__What needs to be done__. Using the records that appear below, write out exactly the lines from the one with "Let u : U := H + I * S." through the one with "(* With [2 h", keeping both end lines.

(Saved data entries)

Lemma cstar_sqrt : exists r, [/\ r^† = r,
  forall c, c ** a = a ** c -> c ** r = r ** c & r + r = a + r ** r].
Proof.
have [l cvg_l] := ccomplete sqrt_iter_cauchy.
have {}cvg_l : seq_cvg B sqrt_iter l by [].
exists l; split.
- apply/esym/(cvg_unique cvg_l)/(cvg_eq sqrt_iter_sa).
  exact: cvg_cstar.
- move=> c ca; apply: (cvg_unique (cvg_mull c cvg_l)).
  by apply: (cvg_eq (fun n => esym (sqrt_iter_comm ca n))); apply: cvg_mulr.
have l_fix : l = half *: (a + l ** l).
  apply: (cvg_unique (cvg_shift cvg_l)).
  have l_ge0 := cnorm_ge0 B l.
  apply: (cvg_lipschitz (K := 2^-1 * (1 + nm l))) cvg_l; first by nra.
  move=> n /=; rewrite -scalerBr -mulrA; apply: cnorm_half_le.
  set s := sqrt_iter n.
  have -> : a + s ** s - (a + l ** l) = s ** (s - l) + (s - l) ** l.
    by rewrite cmulBr cmulBl addrA subrK opprD addrACA subrr add0r.
  apply: le_trans (cnormD B _ _) _.
  have := cnormM B s (s - l); have := cnormM B (s - l) l.
  have := cnorm_sqrt_iter n; have /andP[_ ?] := majorant_ge0_le1 n.
  have := cnorm_ge0 B (s - l); have := cnorm_ge0 B s.
  by nra.
by rewrite {1 2}l_fix half_halfK.
Qed.

End SquareRoot.

(* [(c, x)] stands for [c 1 + x]; [B] is needed to define the product. *)
Definition unitization (V : lmodType CC) (B : cstar_algebra V) : Type := (CC * V)%type.

Section Unitization.
Variable V : lmodType CC.
Variable B : cstar_algebra V.
Local Notation "x ** y" := (cmul B x y) (at level 40, left associativity).
Local Notation "x ^†" := (cstar B x) (at level 2, format "x ^†").
Local Notation nm := (cnorm B).
Local Notation U := (unitization B).

HB.instance Definition _ := GRing.Zmodule.on U.

Definition unitization_mul (p q : U) : U :=
  (p.1 * q.1, p.1 *: q.2 + q.1 *: p.2 + p.2 ** q.2).

Lemma unitization_mulA : associative unitization_mul.
Proof.
move=> [a x] [b y] [c z]; rewrite /unitization_mul /=; congr pair; first by rewrite mulrA.
rewrite !scalerDr !cmulDl !cmulDr !cmulZl !cmulZr !scalerA cmulA [c * a]mulrC [c * b]mulrC.
rewrite -!addrA; congr (_ + _); congr (_ + _).
rewrite (addrCA (a *: (y ** z))); congr (_ + _).
by rewrite (addrCA (c *: (x ** y))) addrCA.
Qed.

Lemma unitization_mul1l : left_id (1, 0) unitization_mul.
Proof.
by move=> [b y]; rewrite /unitization_mul /= mul1r scale1r scaler0 cmul0l !addr0.
Qed.

Lemma unitization_mul1r : right_id (1, 0) unitization_mul.
Proof.
by move=> [b y]; rewrite /unitization_mul /= mulr1 scale1r scaler0 cmul0r add0r addr0.
Qed.

Lemma unitization_mulDl : left_distributive unitization_mul +%R.
Proof.
move=> [a x] [b y] [c z]; rewrite /unitization_mul /=; congr pair; first exact: mulrDl.
rewrite !scalerDl !scalerDr cmulDl -!addrA; congr (_ + _); rewrite addrCA; congr (_ + _).
by rewrite /= (addrCA (x ** z)) (addrCA (x ** z)).
Qed.

Lemma unitization_mulDr : right_distributive unitization_mul +%R.
Proof.
move=> [a x] [b y] [c z]; rewrite /unitization_mul /=; congr pair; first exact: mulrDr.
rewrite !scalerDl !scalerDr cmulDr -!addrA; congr (_ + _); rewrite addrCA; congr (_ + _).
by rewrite /= (addrCA (x ** y)) (addrCA (x ** y)).
Qed.

Lemma unitization_one_neq0 : ((1, 0) : U) != 0.
Proof. by apply/eqP => -[] /eqP; rewrite oner_eq0. Qed.

HB.instance Definition _ := GRing.Zmodule_isNzRing.Build U
  unitization_mulA unitization_mul1l unitization_mul1r
  unitization_mulDl unitization_mulDr unitization_one_neq0.

Definition inU (x : V) : U := (0, x).
Definition scalarU (c : CC) : U := (c, 0).
Definition adjU (p : U) : U := ((p.1)^*%C, (p.2)^†).
(* The unitization carries no norm: its elements are measured through their
   right action on the ideal [V]. *)
Definition mulVU (y : V) (w : U) : V := (inU y * w).2.

Lemma mulUE (p q : U) : p * q = (p.1 * q.1, p.1 *: q.2 + q.1 *: p.2 + p.2 ** q.2).
Proof. by []. Qed.

Lemma inU_inj : injective inU.
Proof. by move=> x y []. Qed.

Lemma inUD x y : inU (x + y) = inU x + inU y.
Proof. by rewrite /inU; congr pair; rewrite addr0. Qed.

Lemma inUN x : inU (- x) = - inU x.
Proof. by rewrite /inU; congr pair; rewrite oppr0. Qed.

Lemma inUB x y : inU (x - y) = inU x - inU y.
Proof. by rewrite inUD inUN. Qed.

Lemma inUM x y : inU x * inU y = inU (x ** y).
Proof. by rewrite mulUE /inU /= mulr0 !scale0r !add0r. Qed.

Lemma inUMl y (w : U) : inU y * w = inU (mulVU y w).
Proof. by rewrite /mulVU mulUE /inU /= mul0r. Qed.

Lemma mulVUM y (v w : U) : mulVU y (v * w) = mulVU (mulVU y v) w.
Proof. by apply: inU_inj; rewrite -!inUMl mulrA. Qed.

Lemma mulVU_inU y x : mulVU y (inU x) = y ** x.
Proof. by apply: inU_inj; rewrite -inUMl inUM. Qed.

Lemma mulVU_is_zmod_morphism y : zmod_morphism (mulVU y).
Proof. by move=> v w; rewrite /mulVU mulrBr. Qed.

HB.instance Definition _ y :=
  GRing.isZmodMorphism.Build U V (mulVU y) (mulVU_is_zmod_morphism y).

Lemma scalarU_comm (c : CC) (p : U) : scalarU c * p = p * scalarU c.
Proof.
rewrite !mulUE /scalarU /= !scaler0 cmul0l cmul0r add0r !addr0; congr pair; exact: mulrC.
Qed.

Lemma scalarUM (c d : CC) : scalarU c * scalarU d = scalarU (c * d).
Proof. by rewrite mulUE /scalarU /= !scaler0 cmul0l !addr0. Qed.

Lemma scalarUN (c : CC) : scalarU (- c) = - scalarU c.
Proof. by rewrite /scalarU; congr pair; rewrite oppr0. Qed.

Lemma adjUD p q : adjU (p + q) = adjU p + adjU q.
Proof. by rewrite /adjU /= rmorphD cstarD. Qed.

Lemma adjUN p : adjU (- p) = - adjU p.
Proof. by rewrite /adjU /= rmorphN cstarN. Qed.

Lemma adjUB p q : adjU (p - q) = adjU p - adjU q.
Proof. by rewrite adjUD adjUN. Qed.

Lemma adjUM p q : adjU (p * q) = adjU q * adjU p.
Proof.
case: p q => [a x] [b y]; rewrite !mulUE /adjU /=; congr pair.
  by rewrite rmorphM mulrC.
by rewrite !cstarD !cstarZ cstarM [_ *: y^† + _]addrC.
Qed.

Lemma adjU1 : adjU 1 = 1.
Proof. by rewrite /adjU /= cstar0 oppr0. Qed.

Lemma adjU_inU x : adjU (inU x) = inU x^†.
Proof. by rewrite /adjU /inU /= oppr0. Qed.

Lemma adjU_scalar c : adjU (scalarU c) = scalarU c^*%C.
Proof. by rewrite /adjU /scalarU /= cstar0. Qed.

Lemma adjUX p n : adjU (p ^+ n) = adjU p ^+ n.
Proof. by elim: n => [|n IH]; rewrite ?adjU1 // exprS adjUM IH -exprSr. Qed.

Definition unitaryU (w : U) : Prop := w * adjU w = 1.

Lemma unitaryUX w n : unitaryU w -> unitaryU (w ^+ n).
Proof.
rewrite /unitaryU => ww; elim: n => [|n IH]; first by rewrite expr0 adjU1 mulr1.
by rewrite exprSr adjUM mulrA -(mulrA (w ^+ n)) ww mulr1.
Qed.

Lemma cnorm_mulVU_unitary y w : unitaryU w -> nm (mulVU y w) = nm y.
Proof.
move=> ww; set z := mulVU y w.
have zz : z ** z^† = y ** y^†.
  apply: inU_inj; rewrite -!inUM -!adjU_inU /z -inUMl adjUM mulrA.
  by rewrite -(mulrA (inU y)) ww mulr1.
have := cnorm_mul_cstar B z; rewrite zz cnorm_mul_cstar => /eqP.
by rewrite eq_sym eqrXn2 ?cnorm_ge0 // => /eqP.
Qed.

Lemma cnorm_mulVU_sum y n (c : nat -> int) w : unitaryU w ->
  nm (mulVU y (\sum_(k < n) w ^+ k *~ c k)) <= (\sum_(k < n) `|c k|%:~R) * nm y.
Proof.
move=> ww; rewrite raddf_sum big_distrl /=; apply: le_trans (cnorm_sum B _ _) _.
apply: ler_sum => k _.
by rewrite raddfMz cnormMz cnorm_mulVU_unitary //; apply: unitaryUX.
Qed.

End Unitization.

Lemma mulrDB_comm (T : pzRingType) (P Q : T) : GRing.comm P Q ->
  (P + Q) * (P - Q) = P * P - Q * Q.
Proof. by move=> PQ; rewrite mulrDl !mulrBr PQ addrA subrK. Qed.

Lemma sqr_1subr (T : pzRingType) (x a : T) : x + x = a + x * x ->
  (1 - x) * (1 - x) = 1 - a.
Proof.
move=> xx; have -> : a = x + x - x * x by rewrite xx addrK.
by rewrite mulrBr mulr1 mulrBl mul1r !opprB !addrA opprD !addrA [1 - x + _]addrAC.
Qed.

Lemma conjc_i : ('i%C : CC)^*%C = - 'i%C.
Proof. by apply/eqP; rewrite eq_complex /= oppr0 !eqxx. Qed.

Section UnitaryEstimate.
Variable V : lmodType CC.
Variable B : cstar_algebra V.
Local Notation "x ** y" := (cmul B x y) (at level 40, left associativity).
Local Notation "x ^†" := (cstar B x) (at level 2, format "x ^†").
Local Notation nm := (cnorm B).
Local Notation U := (unitization B).
Local Notation inU := (@inU V B).
Local Notation adjU := (@adjU V B).
Local Notation mulVU := (@mulVU V B).

Variables h r : V.
Hypothesis h_sa : h^† = h.
Hypothesis r_sa : r^† = r.
Hypothesis hr : h ** r = r ** h.
Hypothesis r_sqrt : r + r = h ** h + r ** r.

(* [S = sqrt (1 - h^2)], so that [h + i S] is unitary with real part [h]. *)
Let H : U := inU h.
Let S : U := 1 - inU r.
Let I : U := scalarU B 'i.
Let u : U := H + I * S.
Let ud : U := H - I * S.

Let S_sqr : S * S = 1 - H * H.
Proof. by apply: sqr_1subr; rewrite !inUM -!inUD r_sqrt. Qed.

Let HS_comm : GRing.comm H S.
Proof. by rewrite /GRing.comm /H /S mulrBr mulrBl mulr1 mul1r !inUM hr. Qed.

Let H_IS_comm : GRing.comm H (I * S).
Proof.
by rewrite /GRing.comm mulrA -scalarU_comm -mulrA HS_comm mulrA.
Qed.

Let I_sqr : I * I = -1.
Proof. by rewrite /I scalarUM -expr2 sqr_i scalarUN. Qed.

Let IS_sqr : (I * S) * (I * S) = - (S * S).
Proof. by rewrite -mulrA (mulrA S) -scalarU_comm !mulrA I_sqr mulN1r mulNr. Qed.

Let u_ud : u * ud = 1.
Proof.
rewrite /u /ud mulrDB_comm; last exact: H_IS_comm.
by rewrite IS_sqr opprK S_sqr addrC subrK.
Qed.

Let ud_u : ud * u = 1.
Proof.
rewrite /u /ud -{2}[I * S]opprK mulrDB_comm; last exact/commrN/H_IS_comm.
by rewrite mulrNN IS_sqr opprK S_sqr addrC subrK.
Qed.

Let adjU_u : adjU u = ud.
Proof.
rewrite /u /ud adjUD adjUM /H /S /I adjU_inU adjUB adjU1 adjU_inU h_sa r_sa.
by rewrite adjU_scalar conjc_i scalarUN mulrN scalarU_comm.
Qed.

Let unitary_u : unitaryU u.
Proof. by rewrite /unitaryU adjU_u u_ud. Qed.

Let uud_expand m :
  (u + ud) * (u - ud) ^+ (4 * m) = (H * S ^+ (4 * m)) *+ (2 * 2 ^ (4 * m)).
Proof.
have -> : u + ud = H *+ 2 by rewrite /u /ud addrACA subrr addr0 mulr2n.
have -> : u - ud = (I * S) *+ 2 by rewrite /u /ud opprB addrC addrA subrK mulr2n.
rewrite exprMn_n exprMn_comm; last exact: scalarU_comm.
have I4 : I ^+ 4 = 1 by rewrite (exprM I 2 2) [I ^+ 2]expr2 I_sqr sqrrN expr1n.
by rewrite exprM I4 expr1n mul1r mulrnAl mulrnAr -mulrnA [(2 ^ _ * 2)%N]mulnC.
Qed.

Let u_polynomial N :
  ((u + ud) * (u - ud) ^+ N) * u ^+ N.+1 = (u ^+ 2 + 1) * (u ^+ 2 - 1) ^+ N.
Proof.
have u_comm : GRing.comm (u - ud) u by rewrite /GRing.comm mulrBl mulrBr u_ud ud_u.
rewrite exprS -mulrA (mulrA _ u) -(commrX N (esym u_comm)) -mulrA (mulrA (u + ud)).
by rewrite -exprMn_comm // (mulrDl u ud u) (mulrBl u u ud) ud_u expr2.
Qed.

(* With [2 h = u + u^*] and [2 i S = u - u^*], multiplying [2^(4m+1) h S^(4m)] by
   the unitary [u^(4m+1)] gives [(u^2 + 1) (u^2 - 1)^(4m)], whose coefficients
   have absolute sum [2 C(4m, 2m)]. *)
Lemma cnorm_mulVU_damped_of_sqrt m y :
  nm (mulVU y (inU h * (1 - inU h * inU h) ^+ (2 * m))) * (2 ^ (4 * m))%:R
    <= 'C(4 * m, 2 * m)%:R * nm y.
Proof.
set N := (4 * m)%N.
have -> : inU h * (1 - inU h * inU h) ^+ (2 * m) = H * S ^+ N.
  by rewrite -S_sqr -expr2 -exprM mulnA.
have expand : nm (mulVU y ((u + ud) * (u - ud) ^+ N)) =
    (2 * 2 ^ N)%:R * nm (mulVU y (H * S ^+ N)).
  by rewrite uud_expand raddfMn cnormMn.
have sum_coef : \sum_(k < N.+2) `|pmcoef N k|%:~R = (2 * 'C(N, 2 * m))%:R :> RR.
  have -> : N = (2 * m).*2 by rewrite /N -muln2; lia.
  by rewrite -rmorph_sum /= sum_abs_pmcoef.
have poly : nm (mulVU y ((u + ud) * (u - ud) ^+ N)) <= (2 * 'C(N, 2 * m))%:R * nm y.
  rewrite -(cnorm_mulVU_unitary _ (unitaryUX N.+1 unitary_u)) -mulVUM u_polynomial.
  rewrite -sum_coef expand_pmcoef.
  exact: cnorm_mulVU_sum (unitaryUX 2 unitary_u).
rewrite expand !natrM -mulrA -mulrA ler_pM2l ?ltr0n // in poly.
by rewrite mulrC.
Qed.

End UnitaryEstimate.

Lemma cnorm_mulVU_damped (V : lmodType CC) (B : cstar_algebra V) (h y : V) m :
  cstar B h = h -> cnorm B h <= 1 ->
  cnorm B (mulVU y (inU B h * (1 - inU B h * inU B h) ^+ (2 * m))) * (2 ^ (4 * m))%:R
    <= 'C(4 * m, 2 * m)%:R * cnorm B y.
Proof.
move=> h_sa h_le1.
have hh_sa : cstar B (cmul B h h) = cmul B h h by rewrite cstarM h_sa.
have hh_le1 : cnorm B (cmul B h h) <= 1.
  by apply: le_trans (cnormM B h h) _; rewrite -expr2 exprn_ile1 ?cnorm_ge0.
have [r [r_sa r_comm r_sqrt]] := cstar_sqrt hh_sa hh_le1.
have hr : cmul B h r = cmul B r h by apply: r_comm; rewrite cmulA.
exact: (cnorm_mulVU_damped_of_sqrt h_sa r_sa hr r_sqrt).
Qed.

__Task response__.
Let u : U := H + I * S.
Let ud : U := H - I * S.

Let S_sqr : S * S = 1 - H * H.
Proof. by apply: sqr_1subr; rewrite !inUM -!inUD r_sqrt. Qed.

Let HS_comm : GRing.comm H S.
Proof. by rewrite /GRing.comm /H /S mulrBr mulrBl mulr1 mul1r !inUM hr. Qed.

Let H_IS_comm : GRing.comm H (I * S).
Proof.
by rewrite /GRing.comm mulrA -scalarU_comm -mulrA HS_comm mulrA.
Qed.

Let I_sqr : I * I = -1.
Proof. by rewrite /I scalarUM -expr2 sqr_i scalarUN. Qed.

Let IS_sqr : (I * S) * (I * S) = - (S * S).
Proof. by rewrite -mulrA (mulrA S) -scalarU_comm !mulrA I_sqr mulN1r mulNr. Qed.

Let u_ud : u * ud = 1.
Proof.
rewrite /u /ud mulrDB_comm; last exact: H_IS_comm.
by rewrite IS_sqr opprK S_sqr addrC subrK.
Qed.

Let ud_u : ud * u = 1.
Proof.
rewrite /u /ud -{2}[I * S]opprK mulrDB_comm; last exact/commrN/H_IS_comm.
by rewrite mulrNN IS_sqr opprK S_sqr addrC subrK.
Qed.

Let adjU_u : adjU u = ud.
Proof.
rewrite /u /ud adjUD adjUM /H /S /I adjU_inU adjUB adjU1 adjU_inU h_sa r_sa.
by rewrite adjU_scalar conjc_i scalarUN mulrN scalarU_comm.
Qed.

Let unitary_u : unitaryU u.
Proof. by rewrite /unitaryU adjU_u u_ud. Qed.

Let uud_expand m :
  (u + ud) * (u - ud) ^+ (4 * m) = (H * S ^+ (4 * m)) *+ (2 * 2 ^ (4 * m)).
Proof.
have -> : u + ud = H *+ 2 by rewrite /u /ud addrACA subrr addr0 mulr2n.
have -> : u - ud = (I * S) *+ 2 by rewrite /u /ud opprB addrC addrA subrK mulr2n.
rewrite exprMn_n exprMn_comm; last exact: scalarU_comm.
have I4 : I ^+ 4 = 1 by rewrite (exprM I 2 2) [I ^+ 2]expr2 I_sqr sqrrN expr1n.
by rewrite exprM I4 expr1n mul1r mulrnAl mulrnAr -mulrnA [(2 ^ _ * 2)%N]mulnC.
Qed.

Let u_polynomial N :
  ((u + ud) * (u - ud) ^+ N) * u ^+ N.+1 = (u ^+ 2 + 1) * (u ^+ 2 - 1) ^+ N.
Proof.
have u_comm : GRing.comm (u - ud) u by rewrite /GRing.comm mulrBl mulrBr u_ud ud_u.
rewrite exprS -mulrA (mulrA _ u) -(commrX N (esym u_comm)) -mulrA (mulrA (u + ud)).
by rewrite -exprMn_comm // (mulrDl u ud u) (mulrBl u u ud) ud_u expr2.
Qed.

(* With [2 h = u + u^*] and [2 i S = u - u^*], multiplying [2^(4m+1) h S^(4m)] by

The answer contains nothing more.